● **Exercise requirements**
Using the entries below, write out the line with "by exists B;", the line with "End RealProbability.", and every line in between, exactly as each is written.

● **Extracted records**

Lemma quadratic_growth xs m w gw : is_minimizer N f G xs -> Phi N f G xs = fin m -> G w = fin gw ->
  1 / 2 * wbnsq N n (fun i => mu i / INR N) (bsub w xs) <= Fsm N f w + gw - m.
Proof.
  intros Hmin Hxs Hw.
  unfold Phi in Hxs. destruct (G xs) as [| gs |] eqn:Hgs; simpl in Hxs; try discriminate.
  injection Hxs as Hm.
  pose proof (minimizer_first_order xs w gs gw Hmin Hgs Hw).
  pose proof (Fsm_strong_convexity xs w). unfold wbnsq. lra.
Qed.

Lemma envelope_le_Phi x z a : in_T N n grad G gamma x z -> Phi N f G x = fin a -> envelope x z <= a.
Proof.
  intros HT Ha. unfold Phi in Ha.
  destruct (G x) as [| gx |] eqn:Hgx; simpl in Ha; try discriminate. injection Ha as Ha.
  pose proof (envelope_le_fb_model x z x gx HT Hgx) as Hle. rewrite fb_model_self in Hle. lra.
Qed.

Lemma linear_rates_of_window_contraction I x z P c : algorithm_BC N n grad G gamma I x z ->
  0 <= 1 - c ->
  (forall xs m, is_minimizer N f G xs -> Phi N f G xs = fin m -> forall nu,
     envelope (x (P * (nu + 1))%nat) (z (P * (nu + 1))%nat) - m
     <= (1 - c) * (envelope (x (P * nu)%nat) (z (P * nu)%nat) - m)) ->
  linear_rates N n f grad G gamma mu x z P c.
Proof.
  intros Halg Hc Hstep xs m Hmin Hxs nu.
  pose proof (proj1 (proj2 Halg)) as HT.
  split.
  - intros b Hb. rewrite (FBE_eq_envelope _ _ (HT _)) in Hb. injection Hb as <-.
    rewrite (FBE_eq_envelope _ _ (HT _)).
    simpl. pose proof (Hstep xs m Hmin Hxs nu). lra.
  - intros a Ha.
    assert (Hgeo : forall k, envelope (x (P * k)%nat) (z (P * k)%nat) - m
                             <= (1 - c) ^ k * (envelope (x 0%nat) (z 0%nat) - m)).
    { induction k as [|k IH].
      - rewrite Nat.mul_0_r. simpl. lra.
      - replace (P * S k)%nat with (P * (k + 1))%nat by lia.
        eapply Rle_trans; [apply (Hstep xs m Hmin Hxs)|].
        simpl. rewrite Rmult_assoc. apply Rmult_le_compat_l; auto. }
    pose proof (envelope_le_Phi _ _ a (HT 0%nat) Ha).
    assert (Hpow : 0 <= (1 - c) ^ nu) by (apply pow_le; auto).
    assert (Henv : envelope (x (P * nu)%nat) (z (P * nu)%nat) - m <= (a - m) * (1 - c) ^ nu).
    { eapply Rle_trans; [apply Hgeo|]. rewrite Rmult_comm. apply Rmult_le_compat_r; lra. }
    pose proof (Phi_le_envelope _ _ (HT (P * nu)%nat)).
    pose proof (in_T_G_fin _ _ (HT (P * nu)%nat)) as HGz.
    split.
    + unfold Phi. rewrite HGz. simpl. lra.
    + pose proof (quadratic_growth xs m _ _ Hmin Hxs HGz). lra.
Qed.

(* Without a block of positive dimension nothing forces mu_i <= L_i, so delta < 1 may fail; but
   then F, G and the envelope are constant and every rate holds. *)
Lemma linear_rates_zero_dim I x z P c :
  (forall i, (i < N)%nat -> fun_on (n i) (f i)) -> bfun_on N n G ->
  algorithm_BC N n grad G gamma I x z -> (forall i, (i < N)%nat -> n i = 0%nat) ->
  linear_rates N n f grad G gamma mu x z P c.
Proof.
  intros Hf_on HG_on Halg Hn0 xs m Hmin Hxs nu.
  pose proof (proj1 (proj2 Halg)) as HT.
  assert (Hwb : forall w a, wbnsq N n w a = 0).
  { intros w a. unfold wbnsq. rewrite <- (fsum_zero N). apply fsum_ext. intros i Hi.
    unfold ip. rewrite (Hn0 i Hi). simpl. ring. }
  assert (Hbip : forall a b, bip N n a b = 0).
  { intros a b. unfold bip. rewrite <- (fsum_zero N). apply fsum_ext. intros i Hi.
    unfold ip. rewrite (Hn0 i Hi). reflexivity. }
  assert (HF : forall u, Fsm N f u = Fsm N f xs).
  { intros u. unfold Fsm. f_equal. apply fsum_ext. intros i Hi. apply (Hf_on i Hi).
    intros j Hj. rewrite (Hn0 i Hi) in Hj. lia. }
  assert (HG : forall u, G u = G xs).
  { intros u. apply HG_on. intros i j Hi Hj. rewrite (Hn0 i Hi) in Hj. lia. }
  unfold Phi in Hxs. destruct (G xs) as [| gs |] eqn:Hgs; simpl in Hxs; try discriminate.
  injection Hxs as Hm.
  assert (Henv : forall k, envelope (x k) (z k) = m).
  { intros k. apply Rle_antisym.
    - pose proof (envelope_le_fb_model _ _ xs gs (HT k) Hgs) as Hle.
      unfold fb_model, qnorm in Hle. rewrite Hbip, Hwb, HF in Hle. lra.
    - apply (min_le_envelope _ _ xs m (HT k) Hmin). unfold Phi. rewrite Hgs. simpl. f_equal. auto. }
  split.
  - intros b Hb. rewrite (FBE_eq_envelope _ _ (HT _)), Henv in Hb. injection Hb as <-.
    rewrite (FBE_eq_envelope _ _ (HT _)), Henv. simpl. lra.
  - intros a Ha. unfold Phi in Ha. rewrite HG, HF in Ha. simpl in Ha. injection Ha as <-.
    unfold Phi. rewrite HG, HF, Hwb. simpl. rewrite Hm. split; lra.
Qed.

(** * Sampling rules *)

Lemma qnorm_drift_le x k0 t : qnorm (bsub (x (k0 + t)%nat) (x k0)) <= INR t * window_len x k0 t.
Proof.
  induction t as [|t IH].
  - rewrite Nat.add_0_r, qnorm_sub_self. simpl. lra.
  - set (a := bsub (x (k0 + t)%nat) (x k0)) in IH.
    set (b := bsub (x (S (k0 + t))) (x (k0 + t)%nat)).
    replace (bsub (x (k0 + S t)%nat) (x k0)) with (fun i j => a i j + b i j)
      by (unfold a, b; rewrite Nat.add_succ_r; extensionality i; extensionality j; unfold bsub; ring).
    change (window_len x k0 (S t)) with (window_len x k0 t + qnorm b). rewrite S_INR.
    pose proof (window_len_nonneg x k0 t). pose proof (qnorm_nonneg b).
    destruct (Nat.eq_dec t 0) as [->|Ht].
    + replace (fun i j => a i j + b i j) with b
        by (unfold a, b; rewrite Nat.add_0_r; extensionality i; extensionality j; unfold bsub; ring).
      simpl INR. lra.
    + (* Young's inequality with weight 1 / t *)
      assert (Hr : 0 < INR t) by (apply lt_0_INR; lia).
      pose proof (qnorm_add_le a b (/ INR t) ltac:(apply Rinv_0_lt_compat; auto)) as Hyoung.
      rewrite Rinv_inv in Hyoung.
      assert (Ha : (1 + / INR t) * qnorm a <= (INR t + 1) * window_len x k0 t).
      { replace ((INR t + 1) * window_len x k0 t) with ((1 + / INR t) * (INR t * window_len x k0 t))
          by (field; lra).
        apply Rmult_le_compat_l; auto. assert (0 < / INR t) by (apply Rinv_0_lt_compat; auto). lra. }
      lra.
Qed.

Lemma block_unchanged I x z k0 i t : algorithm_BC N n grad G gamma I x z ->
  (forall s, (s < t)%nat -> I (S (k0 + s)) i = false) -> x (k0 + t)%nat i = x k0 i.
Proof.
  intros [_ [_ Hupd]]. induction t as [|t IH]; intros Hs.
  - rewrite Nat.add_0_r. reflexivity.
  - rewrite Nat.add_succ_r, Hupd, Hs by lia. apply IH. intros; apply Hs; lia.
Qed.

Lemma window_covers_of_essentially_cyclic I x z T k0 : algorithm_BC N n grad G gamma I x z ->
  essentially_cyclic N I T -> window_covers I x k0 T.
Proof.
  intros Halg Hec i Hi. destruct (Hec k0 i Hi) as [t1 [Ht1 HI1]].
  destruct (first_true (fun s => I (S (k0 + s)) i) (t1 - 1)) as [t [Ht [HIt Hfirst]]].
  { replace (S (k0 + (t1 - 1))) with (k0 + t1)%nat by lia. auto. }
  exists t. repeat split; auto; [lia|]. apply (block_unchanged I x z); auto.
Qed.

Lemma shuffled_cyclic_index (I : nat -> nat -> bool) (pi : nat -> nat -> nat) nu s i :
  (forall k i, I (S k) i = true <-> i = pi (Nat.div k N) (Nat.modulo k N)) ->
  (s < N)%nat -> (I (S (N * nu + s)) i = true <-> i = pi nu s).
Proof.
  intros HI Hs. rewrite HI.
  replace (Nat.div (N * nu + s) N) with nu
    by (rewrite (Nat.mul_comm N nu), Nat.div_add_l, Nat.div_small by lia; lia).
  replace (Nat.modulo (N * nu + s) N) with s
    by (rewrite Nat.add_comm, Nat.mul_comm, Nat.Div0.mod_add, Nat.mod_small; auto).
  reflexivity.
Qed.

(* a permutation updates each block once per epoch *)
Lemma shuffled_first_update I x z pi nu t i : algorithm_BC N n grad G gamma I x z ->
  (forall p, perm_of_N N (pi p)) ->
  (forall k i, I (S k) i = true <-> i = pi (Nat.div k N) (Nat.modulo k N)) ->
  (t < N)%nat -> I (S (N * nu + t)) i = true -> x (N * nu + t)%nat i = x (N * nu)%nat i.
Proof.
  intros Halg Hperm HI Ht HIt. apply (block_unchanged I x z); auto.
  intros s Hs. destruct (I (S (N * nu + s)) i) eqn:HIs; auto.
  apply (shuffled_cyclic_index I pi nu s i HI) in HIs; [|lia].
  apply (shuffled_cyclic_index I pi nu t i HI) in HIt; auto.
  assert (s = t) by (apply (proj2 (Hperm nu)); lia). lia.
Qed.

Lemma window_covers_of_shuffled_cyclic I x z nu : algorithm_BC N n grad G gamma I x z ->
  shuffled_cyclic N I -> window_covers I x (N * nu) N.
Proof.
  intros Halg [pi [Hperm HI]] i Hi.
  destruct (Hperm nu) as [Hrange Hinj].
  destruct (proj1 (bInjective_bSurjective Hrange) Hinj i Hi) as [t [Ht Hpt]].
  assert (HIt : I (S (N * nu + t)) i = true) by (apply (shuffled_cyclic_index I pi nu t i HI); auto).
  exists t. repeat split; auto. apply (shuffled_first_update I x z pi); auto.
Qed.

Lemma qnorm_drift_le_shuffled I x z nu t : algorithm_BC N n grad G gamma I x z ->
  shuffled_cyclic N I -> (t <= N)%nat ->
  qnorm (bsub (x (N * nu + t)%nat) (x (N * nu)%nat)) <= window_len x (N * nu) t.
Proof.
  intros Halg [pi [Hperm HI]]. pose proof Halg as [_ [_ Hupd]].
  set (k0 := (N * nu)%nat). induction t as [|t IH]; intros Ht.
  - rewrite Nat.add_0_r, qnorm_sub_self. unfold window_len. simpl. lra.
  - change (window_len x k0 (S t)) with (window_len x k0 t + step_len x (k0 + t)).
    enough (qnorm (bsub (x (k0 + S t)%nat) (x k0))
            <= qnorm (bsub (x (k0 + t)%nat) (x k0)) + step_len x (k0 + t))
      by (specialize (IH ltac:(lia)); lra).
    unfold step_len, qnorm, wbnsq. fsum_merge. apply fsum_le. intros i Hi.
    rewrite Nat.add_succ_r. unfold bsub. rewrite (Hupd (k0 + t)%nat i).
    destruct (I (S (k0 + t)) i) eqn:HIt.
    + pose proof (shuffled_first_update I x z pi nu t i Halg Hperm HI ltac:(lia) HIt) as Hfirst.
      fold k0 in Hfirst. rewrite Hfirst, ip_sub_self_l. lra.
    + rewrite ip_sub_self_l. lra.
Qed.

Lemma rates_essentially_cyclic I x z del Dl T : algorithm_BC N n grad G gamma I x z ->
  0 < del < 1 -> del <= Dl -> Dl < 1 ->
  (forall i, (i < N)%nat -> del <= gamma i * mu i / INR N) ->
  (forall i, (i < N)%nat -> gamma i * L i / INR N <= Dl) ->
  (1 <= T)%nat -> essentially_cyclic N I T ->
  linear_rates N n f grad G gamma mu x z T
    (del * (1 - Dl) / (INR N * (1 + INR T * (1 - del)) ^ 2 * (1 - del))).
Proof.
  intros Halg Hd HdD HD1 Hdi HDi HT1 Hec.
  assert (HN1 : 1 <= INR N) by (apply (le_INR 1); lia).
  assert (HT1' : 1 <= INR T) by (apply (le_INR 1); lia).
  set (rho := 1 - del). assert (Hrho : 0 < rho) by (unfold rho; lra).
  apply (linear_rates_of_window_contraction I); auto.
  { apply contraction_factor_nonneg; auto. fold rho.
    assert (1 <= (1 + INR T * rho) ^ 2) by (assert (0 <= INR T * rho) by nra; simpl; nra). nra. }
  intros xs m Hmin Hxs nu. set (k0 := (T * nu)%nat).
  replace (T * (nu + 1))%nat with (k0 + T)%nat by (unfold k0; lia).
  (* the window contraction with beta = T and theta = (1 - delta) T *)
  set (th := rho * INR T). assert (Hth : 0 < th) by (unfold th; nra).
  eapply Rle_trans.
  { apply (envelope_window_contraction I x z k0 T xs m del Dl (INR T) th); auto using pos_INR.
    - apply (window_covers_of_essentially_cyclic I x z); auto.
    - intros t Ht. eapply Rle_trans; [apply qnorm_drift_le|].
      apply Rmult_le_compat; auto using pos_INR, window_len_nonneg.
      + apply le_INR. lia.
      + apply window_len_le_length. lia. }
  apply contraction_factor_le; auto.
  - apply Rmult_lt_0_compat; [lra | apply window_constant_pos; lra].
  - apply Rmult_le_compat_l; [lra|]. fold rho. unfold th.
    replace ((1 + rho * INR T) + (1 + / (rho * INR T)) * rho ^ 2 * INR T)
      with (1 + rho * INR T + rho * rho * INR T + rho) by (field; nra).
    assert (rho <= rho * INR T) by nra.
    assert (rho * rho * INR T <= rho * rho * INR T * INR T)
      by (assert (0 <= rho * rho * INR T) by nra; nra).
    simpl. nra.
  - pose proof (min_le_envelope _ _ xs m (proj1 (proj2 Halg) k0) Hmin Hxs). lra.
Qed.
==
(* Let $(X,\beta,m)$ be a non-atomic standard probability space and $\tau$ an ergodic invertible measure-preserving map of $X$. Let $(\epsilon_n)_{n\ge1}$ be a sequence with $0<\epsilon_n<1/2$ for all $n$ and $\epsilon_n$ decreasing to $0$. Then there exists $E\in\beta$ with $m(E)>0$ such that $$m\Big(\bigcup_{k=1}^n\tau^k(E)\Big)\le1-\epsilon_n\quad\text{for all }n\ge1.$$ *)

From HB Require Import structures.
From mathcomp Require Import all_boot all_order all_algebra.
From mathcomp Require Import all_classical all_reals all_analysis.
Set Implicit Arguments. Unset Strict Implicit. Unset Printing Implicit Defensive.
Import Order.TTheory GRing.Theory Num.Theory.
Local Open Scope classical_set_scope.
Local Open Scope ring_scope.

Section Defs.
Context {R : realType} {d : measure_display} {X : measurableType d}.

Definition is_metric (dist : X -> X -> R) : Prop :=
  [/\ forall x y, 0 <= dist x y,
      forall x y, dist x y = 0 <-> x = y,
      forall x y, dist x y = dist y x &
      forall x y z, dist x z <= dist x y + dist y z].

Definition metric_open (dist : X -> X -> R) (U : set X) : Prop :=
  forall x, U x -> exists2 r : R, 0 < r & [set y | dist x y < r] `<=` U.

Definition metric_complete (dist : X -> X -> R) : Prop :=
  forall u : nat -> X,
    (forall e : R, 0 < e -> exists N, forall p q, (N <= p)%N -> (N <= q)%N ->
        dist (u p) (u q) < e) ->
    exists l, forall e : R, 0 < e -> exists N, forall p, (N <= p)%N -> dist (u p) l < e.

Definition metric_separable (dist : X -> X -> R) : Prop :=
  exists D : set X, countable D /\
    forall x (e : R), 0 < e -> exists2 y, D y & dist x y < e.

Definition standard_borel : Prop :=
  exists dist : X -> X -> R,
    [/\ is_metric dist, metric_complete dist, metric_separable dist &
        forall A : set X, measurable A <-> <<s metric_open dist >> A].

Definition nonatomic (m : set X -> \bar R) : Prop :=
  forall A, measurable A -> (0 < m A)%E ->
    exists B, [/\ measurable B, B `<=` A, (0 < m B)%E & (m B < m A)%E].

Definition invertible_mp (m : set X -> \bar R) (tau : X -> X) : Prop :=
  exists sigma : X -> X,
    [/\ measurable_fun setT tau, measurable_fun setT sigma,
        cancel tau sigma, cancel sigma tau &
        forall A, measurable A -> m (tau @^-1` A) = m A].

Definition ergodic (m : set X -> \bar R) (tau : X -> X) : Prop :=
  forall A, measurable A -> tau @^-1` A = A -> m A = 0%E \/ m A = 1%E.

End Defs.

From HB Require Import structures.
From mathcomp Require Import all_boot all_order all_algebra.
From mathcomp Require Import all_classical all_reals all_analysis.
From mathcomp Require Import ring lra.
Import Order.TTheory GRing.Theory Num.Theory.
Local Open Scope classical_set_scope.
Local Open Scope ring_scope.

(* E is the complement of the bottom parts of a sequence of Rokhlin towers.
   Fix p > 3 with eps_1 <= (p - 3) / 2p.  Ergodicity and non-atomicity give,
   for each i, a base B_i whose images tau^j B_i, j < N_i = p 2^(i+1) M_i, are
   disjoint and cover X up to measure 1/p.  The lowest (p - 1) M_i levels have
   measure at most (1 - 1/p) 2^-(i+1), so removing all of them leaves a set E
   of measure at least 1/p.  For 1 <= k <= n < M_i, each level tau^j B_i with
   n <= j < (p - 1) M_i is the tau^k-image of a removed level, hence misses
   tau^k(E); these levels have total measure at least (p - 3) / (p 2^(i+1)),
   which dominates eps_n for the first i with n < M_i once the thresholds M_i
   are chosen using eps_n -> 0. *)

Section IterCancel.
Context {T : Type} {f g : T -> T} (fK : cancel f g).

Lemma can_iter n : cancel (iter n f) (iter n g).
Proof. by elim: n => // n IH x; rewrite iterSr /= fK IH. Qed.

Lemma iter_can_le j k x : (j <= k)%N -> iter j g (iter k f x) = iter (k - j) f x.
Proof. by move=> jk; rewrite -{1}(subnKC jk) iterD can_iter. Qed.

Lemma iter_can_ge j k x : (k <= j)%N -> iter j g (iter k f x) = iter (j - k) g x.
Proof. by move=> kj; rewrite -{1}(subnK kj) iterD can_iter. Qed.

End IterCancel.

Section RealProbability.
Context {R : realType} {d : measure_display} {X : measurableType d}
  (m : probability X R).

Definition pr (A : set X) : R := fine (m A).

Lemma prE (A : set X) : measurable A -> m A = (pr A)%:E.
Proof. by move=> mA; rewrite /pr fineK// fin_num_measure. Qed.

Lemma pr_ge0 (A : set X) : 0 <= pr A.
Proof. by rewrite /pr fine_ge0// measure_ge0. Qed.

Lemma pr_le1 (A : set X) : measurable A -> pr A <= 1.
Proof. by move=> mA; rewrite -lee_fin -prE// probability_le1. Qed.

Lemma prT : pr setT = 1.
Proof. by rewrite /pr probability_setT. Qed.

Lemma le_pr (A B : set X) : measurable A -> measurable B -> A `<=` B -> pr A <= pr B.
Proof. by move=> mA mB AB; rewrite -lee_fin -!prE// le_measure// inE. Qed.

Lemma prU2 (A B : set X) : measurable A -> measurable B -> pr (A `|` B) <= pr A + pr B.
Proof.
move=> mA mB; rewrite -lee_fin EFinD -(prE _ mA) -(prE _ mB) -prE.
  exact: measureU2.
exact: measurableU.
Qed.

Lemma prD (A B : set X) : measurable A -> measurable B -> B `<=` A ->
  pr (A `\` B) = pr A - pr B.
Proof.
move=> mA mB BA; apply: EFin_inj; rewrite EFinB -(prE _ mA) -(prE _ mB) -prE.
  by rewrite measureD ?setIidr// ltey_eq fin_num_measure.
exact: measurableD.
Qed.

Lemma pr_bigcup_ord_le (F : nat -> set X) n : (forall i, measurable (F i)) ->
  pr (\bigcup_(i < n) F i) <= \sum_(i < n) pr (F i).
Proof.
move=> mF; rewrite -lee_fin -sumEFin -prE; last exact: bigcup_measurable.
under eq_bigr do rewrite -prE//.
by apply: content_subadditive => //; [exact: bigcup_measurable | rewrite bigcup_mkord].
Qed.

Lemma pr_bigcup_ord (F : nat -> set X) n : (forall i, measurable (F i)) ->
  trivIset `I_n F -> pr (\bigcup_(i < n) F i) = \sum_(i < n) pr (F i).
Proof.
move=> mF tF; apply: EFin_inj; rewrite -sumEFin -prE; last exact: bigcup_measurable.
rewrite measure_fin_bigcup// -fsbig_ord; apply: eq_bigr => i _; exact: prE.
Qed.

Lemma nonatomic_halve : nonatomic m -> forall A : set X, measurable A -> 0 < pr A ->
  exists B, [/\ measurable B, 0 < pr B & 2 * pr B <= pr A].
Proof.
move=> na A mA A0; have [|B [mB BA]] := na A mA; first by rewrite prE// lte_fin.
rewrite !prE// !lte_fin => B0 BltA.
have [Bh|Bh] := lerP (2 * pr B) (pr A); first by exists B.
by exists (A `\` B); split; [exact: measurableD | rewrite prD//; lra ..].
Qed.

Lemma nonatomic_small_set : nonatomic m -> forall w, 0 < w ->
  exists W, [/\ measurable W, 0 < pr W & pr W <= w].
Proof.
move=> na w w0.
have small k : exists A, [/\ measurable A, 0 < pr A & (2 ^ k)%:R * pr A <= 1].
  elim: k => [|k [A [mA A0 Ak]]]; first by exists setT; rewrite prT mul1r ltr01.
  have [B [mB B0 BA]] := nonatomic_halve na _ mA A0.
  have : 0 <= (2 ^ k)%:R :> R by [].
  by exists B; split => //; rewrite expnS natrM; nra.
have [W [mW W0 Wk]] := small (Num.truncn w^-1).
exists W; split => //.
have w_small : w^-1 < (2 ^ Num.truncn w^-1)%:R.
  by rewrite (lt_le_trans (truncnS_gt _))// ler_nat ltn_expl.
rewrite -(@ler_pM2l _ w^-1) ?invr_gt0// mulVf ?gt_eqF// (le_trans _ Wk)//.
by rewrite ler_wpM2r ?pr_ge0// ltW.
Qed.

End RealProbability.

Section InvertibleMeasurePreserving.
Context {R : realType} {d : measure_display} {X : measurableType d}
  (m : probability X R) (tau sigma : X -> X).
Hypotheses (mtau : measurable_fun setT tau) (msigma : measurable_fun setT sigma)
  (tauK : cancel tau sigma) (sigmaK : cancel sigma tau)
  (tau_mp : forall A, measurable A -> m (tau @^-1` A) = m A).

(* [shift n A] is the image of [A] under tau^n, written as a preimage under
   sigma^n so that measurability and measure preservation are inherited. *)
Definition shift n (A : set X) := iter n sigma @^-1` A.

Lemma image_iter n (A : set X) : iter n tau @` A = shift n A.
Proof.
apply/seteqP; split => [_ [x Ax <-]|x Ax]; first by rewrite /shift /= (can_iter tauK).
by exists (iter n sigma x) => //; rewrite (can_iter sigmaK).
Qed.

● **Exercise answer**
  by exists B; split => //; rewrite expnS natrM; nra.
have [W [mW W0 Wk]] := small (Num.truncn w^-1).
exists W; split => //.
have w_small : w^-1 < (2 ^ Num.truncn w^-1)%:R.
  by rewrite (lt_le_trans (truncnS_gt _))// ler_nat ltn_expl.
rewrite -(@ler_pM2l _ w^-1) ?invr_gt0// mulVf ?gt_eqF// (le_trans _ Wk)//.
by rewrite ler_wpM2r ?pr_ge0// ltW.
Qed.

End RealProbability.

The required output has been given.